Так, например, известный «джиг» Кемпа о кухарке представлял презабавную смесь плохих стихов, которые частью пелись, частью произносились, а также смесь карикатурной мимики и пляски, хороших и плоских острот. Когда Гамлет говорит о Полонии: «Если ему не спеть „джиг“ или не рассказать непристойную историю, он непременно заснет», — он имел, быть может, в виду подобное произведение.
В качестве лучшего комического танцора Кемп пользовался всеобщим уважением и всеобщей любовью. Он гастролировал при разных немецких и итальянских дворах. В Аугсбурге он должен был повторить перед императором Рудольфом свой знаменитый «маврский» танец (Morris-dance). Это был тот девятидневный танец, который он предпринял в молодые годы из Лондона в Норвич, и который он затем описал в своей книге.

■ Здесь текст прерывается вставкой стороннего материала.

(* Let $\tilde F:\mathbb C^8\to\mathbb C^8$ be a homogeneous (polynomial, degree $p$) vector field equivariant with respect to the $[8,8]$ representation of $\Gamma=D_4\dot+T^2$. Then there exists an $\mathcal E(2)$-equivariant polynomial vector field $\mathcal F$ of degree $p$ on $E_\kappa$ with $\tilde F=\mathcal F|_{E^c}$ if and only if for every $\theta\in\mathbb R$, $R_\theta\tilde F(\Phi)=\tilde F(R_\theta\Phi)$ for all $\Phi\in E^c$ with $R_\theta\Phi\in E^c$.
   Context: Integers $l_1>l_2$, $l_1>n_1>0$, $l_2>n_2>0$ with $\kappa^2=l_1^2+n_1^2=l_2^2+n_2^2$; $A(\kappa)=\{k:|k|=\kappa\}$, $E_\kappa$ = space of $a:A(\kappa)\to\mathbb C$ with $\sum|a(k)|<\infty$. Wave vectors $q_1=(l_1,n_1)$, $q_2=(l_1,-n_1)$, $q_3=(n_1,l_1)$, $q_4=(n_1,-l_1)$, $p_1=(l_2,n_2)$, $p_2=(l_2,-n_2)$, $p_3=(n_2,l_2)$, $p_4=(n_2,-l_2)$, $\tilde A=\{\pm q_i,\pm p_j\}$; $E^c\subset E_\kappa$ is the real space of $a$ supported in $\tilde A$ with $a(-k)=\overline{a(k)}$, identified with $\mathbb C^8$ via $z_i=a(q_i)$, $w_j=a(p_j)$. $\mathcal E(2)$ acts by $(\gamma a)(k)=a(\gamma^{-1}k)$ ($\gamma\in O(2)$) and $(T_{s,t}a)(k)=e^{-i(sk_x+tk_y)}a(k)$; $R_\theta$ is counterclockwise rotation; $\Gamma$ is generated by $\gamma_1(x,y)=(-x,y)$, $\gamma_2(x,y)=(y,x)$ and $T_{s,t}$ with $(s,t)\in(\mathbb R/2\pi\mathbb Z)^2$. An $\mathcal E(2)$-equivariant polynomial vector field of degree $p$ on $E_\kappa$ is a map on finitely supported $a$ of the form $\mathcal F(a)(k)=\sum_{k_1,\dots,k_p\in A(\kappa)}P(k,k_1,\dots,k_p)a(k_1)\cdots a(k_p)$ (finitely many nonzero terms) commuting with all of $\mathcal E(2)$. *)

From HB Require Import structures.
From mathcomp Require Import all_boot all_order all_algebra.
From mathcomp Require Import all_classical all_reals.
From mathcomp Require Import exp trigo.
From mathcomp Require Import complex.
Set Implicit Arguments. Unset Strict Implicit. Unset Printing Implicit Defensive.
Import Order.TTheory GRing.Theory Num.Theory.
Local Open Scope ring_scope.

Section Defs.
Variable R : realType.
Local Notation C := (R[i]).

Definition pt := (R * R)%type.
Definition ptN (k : pt) : pt := (- k.1, - k.2).

Definition onCircle (kap2 : R) (k : pt) : bool := k.1 ^+ 2 + k.2 ^+ 2 == kap2.

(* elements of E_kappa are represented by functions pt -> C; only their
   values on A(kappa) matter. *)
Definition efield := pt -> C.

Definition eqEk (kap2 : R) (a b : efield) : Prop :=
  forall k, onCircle kap2 k -> a k = b k.

Definition fsupp (kap2 : R) (a : efield) (s : seq pt) : Prop :=
  [/\ uniq s, all (onCircle kap2) s & forall k, a k != 0 -> k \in s].

Definition finsupp (kap2 : R) (a : efield) : Prop := exists s, fsupp kap2 a s.

(* polynomial vector efield of degree p:
   F(a)(k) = sum_{k_1..k_p in A(kappa)} P(k,k_1..k_p) a(k_1)...a(k_p),
   the sum being over the (finite) support of a. *)
Definition isPolyVF (kap2 : R) (p : nat) (F : efield -> efield) : Prop :=
  exists P : pt -> p.-tuple pt -> C,
    forall (a : efield) (s : seq pt), fsupp kap2 a s ->
    forall k, onCircle kap2 k ->
      F a k = \sum_(f : {ffun 'I_p -> 'I_(size s)})
                 P k [tuple nth (0, 0) s (f i) | i < p] *
                 \prod_(i < p) a (nth (0, 0) s (f i)).

Definition mxapp (g : 'M[R]_2) (k : pt) : pt :=
  (g 0 0 * k.1 + g 0 1 * k.2, g 1 0 * k.1 + g 1 1 * k.2).

Definition orthogonal2 (g : 'M[R]_2) : Prop := g^T *m g = 1%:M.

Definition actO (g : 'M[R]_2) (a : efield) : efield :=
  fun k => a (mxapp (invmx g) k).

Definition expi (x : R) : C := Complex (cos x) (sin x).

Definition actT (s t : R) (a : efield) : efield :=
  fun k => expi (- (s * k.1 + t * k.2)) * a k.

Definition E2equivariant (kap2 : R) (F : efield -> efield) : Prop :=
  forall a, finsupp kap2 a ->
    (forall g, orthogonal2 g -> eqEk kap2 (F (actO g a)) (actO g (F a))) /\
    (forall s t, eqEk kap2 (F (actT s t a)) (actT s t (F a))).

Definition rotmx (th : R) : 'M[R]_2 :=
  \matrix_(i < 2, j < 2)
    if i == 0 then (if j == 0 then cos th else - sin th)
    else (if j == 0 then sin th else cos th).

Definition gamma1 : 'M[R]_2 :=
  \matrix_(i < 2, j < 2) if i == j then (if i == 0 then -1 else 1) else 0.
Definition gamma2 : 'M[R]_2 :=
  \matrix_(i < 2, j < 2) if i == j then 0 else 1.

(* wave vectors q_1..q_4, p_1..p_4 (indices 0..7) *)
Definition wv (l1 n1 l2 n2 : nat) (i : 'I_8) : pt :=
  match val i with
  | 0 => (l1%:R, n1%:R)
  | 1 => (l1%:R, - n1%:R)
  | 2 => (n1%:R, l1%:R)
  | 3 => (n1%:R, - l1%:R)
  | 4 => (l2%:R, n2%:R)
  | 5 => (l2%:R, - n2%:R)
  | 6 => (n2%:R, l2%:R)
  | _ => (n2%:R, - l2%:R)
  end.

Definition inAt (l1 n1 l2 n2 : nat) (k : pt) : bool :=
  [exists i : 'I_8, (k == wv l1 n1 l2 n2 i) || (k == ptN (wv l1 n1 l2 n2 i))].

(* E^c : a supported in tilde A (a subset of A(kappa), so a vanishes off the circle) with a(-k) = conj(a(k)) *)
Definition inEc (l1 n1 l2 n2 : nat) (a : efield) : Prop :=
  (forall k, a k != 0 -> inAt l1 n1 l2 n2 k) /\
  (forall k, a (ptN k) = conjc (a k)).

(* identification E^c ~ C^8 : z_i = a(q_i), w_j = a(p_j) *)
Definition coordEc (l1 n1 l2 n2 : nat) (a : efield) : 'rV[C]_8 :=
  \row_i a (wv l1 n1 l2 n2 i).

Definition embEc (l1 n1 l2 n2 : nat) (z : 'rV[C]_8) : efield :=
  fun k => \sum_(i < 8)
    ((k == wv l1 n1 l2 n2 i)%:R * z 0 i +
     (k == ptN (wv l1 n1 l2 n2 i))%:R * conjc (z 0 i)).

(* homogeneous polynomial map of degree p on C^8 = R^16, i.e. each component
   is a homogeneous polynomial of degree p in (z, conj z) *)
Definition homogPoly (p : nat) (Ft : 'rV[C]_8 -> 'rV[C]_8) : Prop :=
  exists c : 'I_8 -> {ffun 'I_16 -> 'I_p.+1} -> C,
    forall z j,
      Ft z 0 j =
        \sum_(m : {ffun 'I_16 -> 'I_p.+1} | (\sum_(i < 16) (m i : nat))%N == p)
          c j m * \prod_(i < 16)
             (if (i < 8)%N then z 0 (inord i) else conjc (z 0 (inord (i - 8)))) ^+ (m i).

(* equivariance w.r.t. the [8,8] representation of Gamma = D4 |x T^2 on
   C^8 ~ E^c, generated by gamma1, gamma2 and T_{s,t} *)
Definition Gamma_equivariant (l1 n1 l2 n2 : nat) (Ft : 'rV[C]_8 -> 'rV[C]_8) : Prop :=
  let emb := embEc l1 n1 l2 n2 in
  let crd := coordEc l1 n1 l2 n2 in
  (forall z, Ft (crd (actO gamma1 (emb z))) = crd (actO gamma1 (emb (Ft z)))) /\
  (forall z, Ft (crd (actO gamma2 (emb z))) = crd (actO gamma2 (emb (Ft z)))) /\
  (forall s t z, Ft (crd (actT s t (emb z))) = crd (actT s t (emb (Ft z)))).

End Defs.

From HB Require Import structures.
From mathcomp Require Import all_boot all_order all_algebra.
From mathcomp Require Import all_classical all_reals.
From mathcomp Require Import exp trigo.
From mathcomp Require Import complex.
From mathcomp Require Import ring lra zify.
Import Order.TTheory GRing.Theory Num.Theory.
Local Open Scope ring_scope.
Set Implicit Arguments. Unset Strict Implicit. Unset Printing Implicit Defensive.

(* Necessity: restrict the E(2)-equivariance of the extension to E^c.
   Sufficiency: the kernel P(k, k_1, .., k_p) is read off from Ft itself.
   Evaluating Ft on the packet sum_x (w_x b_x delta_{k_x} + c.c.) and averaging
   over fourth roots of unity w_x isolates the coefficient of the monomial
   Phi(k_1) .. Phi(k_p).  Translation equivariance kills this coefficient unless
   k_1 + .. + k_p = k, and the rotation hypothesis together with
   gamma1-equivariance makes it O(2)-invariant, every orthogonal map being a
   rotation possibly composed with gamma1.  Transporting each configuration
   that is congruent to one inside tilde A therefore yields a well-defined
   O(2)-invariant kernel supported on k_1 + .. + k_p = k; its polynomial field
   is E(2)-equivariant and restricts to Ft on E^c. *)

Section WordSums.
Variable V : nmodType.

Fixpoint wordsum (T : Type) (s : seq T) (n : nat) (H : seq T -> V) : V :=
  if n is n'.+1 then \sum_(x <- s) wordsum s n' (fun u => H (x :: u)) else H [::].

Lemma wordsum_map (T U : Type) (g : T -> U) (s : seq T) n (H : seq U -> V) :
  wordsum (map g s) n H = wordsum s n (fun u => H (map g u)).
Proof.
elim: n H => [//|n IH] H /=; rewrite big_map; apply: eq_bigr => x _.
by rewrite IH.
Qed.

Lemma big_ffun_ordS (I : finType) n (W : {ffun 'I_n.+1 -> I} -> V) :
  \sum_(f : {ffun 'I_n.+1 -> I}) W f =
  \sum_(i : I) \sum_(f : {ffun 'I_n -> I})
     W [ffun x => if unlift ord0 x is Some y then f y else i].
Proof.
rewrite pair_bigA /=.
pose h (q : I * {ffun 'I_n -> I}) : {ffun 'I_n.+1 -> I} :=
  [ffun x => if unlift ord0 x is Some y then q.2 y else q.1].
rewrite (reindex h) //=.
exists (fun g => (g ord0, [ffun y => g (lift ord0 y)])) => [[i f]|g] _ /=.
  rewrite /h /= !ffunE unlift_none; congr pair.
  by apply/ffunP => y; rewrite !ffunE liftK.
by apply/ffunP => x; rewrite /h !ffunE; case: unliftP => [y ->|->]; rewrite ?ffunE.
Qed.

Он отправился в 7 часов утра от дома городского головы; пол-Лондона было на ногах, чтобы полюбоваться прологом к этому грандиозному фокусу. Кроме барабанщика и слуги Кемпа сопровождал контролер, следивший за тем, чтобы все происходило по программе. Для барабанщика этот путь представлял такие же трудности, как для Кемпа; он держал в левой руке флейту, барабан висел на левом плече, а правой рукой он барабанил. Исполняя «маврский» танец на пути от Лондона в Норвич, Кемп аккомпанировал себе только музыкой бубенчиков, привязанных к его гамашам.